Objective: This study aims to (1) determine the preliminary efficacy of using telerehabilitation combined with exergames on UE motor recovery, function, quality of life, and motivation in participants with chronic stroke, compared with conventional therapy (the graded repetitive arm supplementary program; GRASP); (2) examine the feasibility of using the technology with participants diagnosed with stroke at home; and (3) identify the obstacles and facilitators for its use by participants diagnosed with stroke and stroke therapists and understand the shared decision-making process.

Methods: A mixed methods study protocol is proposed, including a randomized, blinded feasibility trial with an embedded multiple case study. The intervention consists of the provision of a remote rehabilitation program, during which participants will use the Jintronix exergame for UE training and the Reacts Application to conduct videoconferenced sessions with the therapists (physical or occupational therapists). We plan to recruit 52 participants diagnosed with stroke, randomly assigned to a control group (n=26; 2-month on-paper home exercise program: the GRASP with no supervision) and an experimental group (n=26; 2-month home program using the technology). The primary outcome is the Fugl-Meyer UE Assessment, a performance-based measure of UE impairment. The secondary outcomes are self-reported questionnaires and include the Motor Activity Log-28 (quality and frequency of use of the UE), Stroke Impact Scale-16 (the quality of life), and Treatment Self-Regulation Questionnaire (motivation). Feasibility data include process, resources, management, and scientific outcomes. Qualitative data will be collected by interviews with both participants and therapists.
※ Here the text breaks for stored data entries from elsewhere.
Local Notation wedgeR xi eta := (xi 0 0 * eta 1 0 + eta 0 0 * xi 1 0).

Definition wedge_row (eta : 'cV[R]_2) : 'rV[R]_2 := \row_j eta (rev_ord j) 0.

Lemma wedge_rowE (xi eta : 'cV[R]_2) : wedge_row eta *m xi = (wedgeR xi eta)%:M.
Proof.
apply/matrixP => i j; rewrite !ord1 !mxE sum_ord2 !mxE /=.
by rewrite rev_ord2_0 rev_ord2_1 mulr1n [eta 1 0 * _]mulrC.
Qed.

Definition glider_mx (l c : R) (xi eta : 'cV[R]_2) : 'M[R]_2 :=
  l%:M + c *: (xi *m wedge_row eta).

Lemma glider_mxE l c xi eta i j :
  glider_mx l c xi eta i j = l *+ (i == j) + c * (xi i 0 * eta (rev_ord j) 0).
Proof. by rewrite !mxE big_ord1 !mxE. Qed.

Lemma glider_mx_mul l c xi eta :
  glider_mx l c xi eta *m xi = (l + c * wedgeR xi eta) *: xi.
Proof.
by rewrite mulmxDl mul_scalar_mx -scalemxAl -mulmxA wedge_rowE mul_mx_scalar
  scalerA scalerDl.
Qed.

Lemma scale_glider_mx k l c xi eta :
  k *: glider_mx l c xi eta = glider_mx (k * l) (k * c) xi eta.
Proof. by rewrite scalerDr scale_scalar_mx scalerA. Qed.

Lemma det_glider_mx l c xi eta :
  \det (glider_mx l c xi eta) = l * (l + c * wedgeR xi eta).
Proof. by rewrite det_mx22 !glider_mxE rev_ord2_0 rev_ord2_1 /=; ring. Qed.

Lemma mulmx_wedge_row_swap (xi eta : 'cV[R]_2) :
  eta *m wedge_row xi = (wedgeR xi eta)%:M + xi *m wedge_row eta.
Proof.
apply/matrixP => i j; rewrite !mxE !big_ord1 !mxE.
case: (ord2_cases i) => ->; case: (ord2_cases j) => ->;
  rewrite ?rev_ord2_0 ?rev_ord2_1 /= ?addr0 ?add0r ?mulr1n.
- by apply: (@eq_char2 (xi 0 0 * eta 1 0)); ring.
- by rewrite mulrC.
- by rewrite mulrC.
- by apply: (@eq_char2 (xi 1 0 * eta 0 0)); ring.
Qed.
Results: At present, data collection was ongoing with one participant who had completed the exergame- telerehabilitation based intervention. We expect to collect preliminary efficacy data of this technology on the functional and motor recovery of the UE, following a stroke; collect feasibility data with users at home (adherence, safety, and technical difficulties); and identify the obstacles and facilitators for the technology use and understand the shared decision-making process.

Conclusions: This paper describes the protocol underlying the study of a telerehabilitation-exergame technology to contribute to understanding its feasibility and preliminary efficacy for UE stroke rehabilitation.

Trial registration: ClinicalTrials.gov NCT03759106; https://ichgcp.net/clinical-trials-registry/NCT03759106.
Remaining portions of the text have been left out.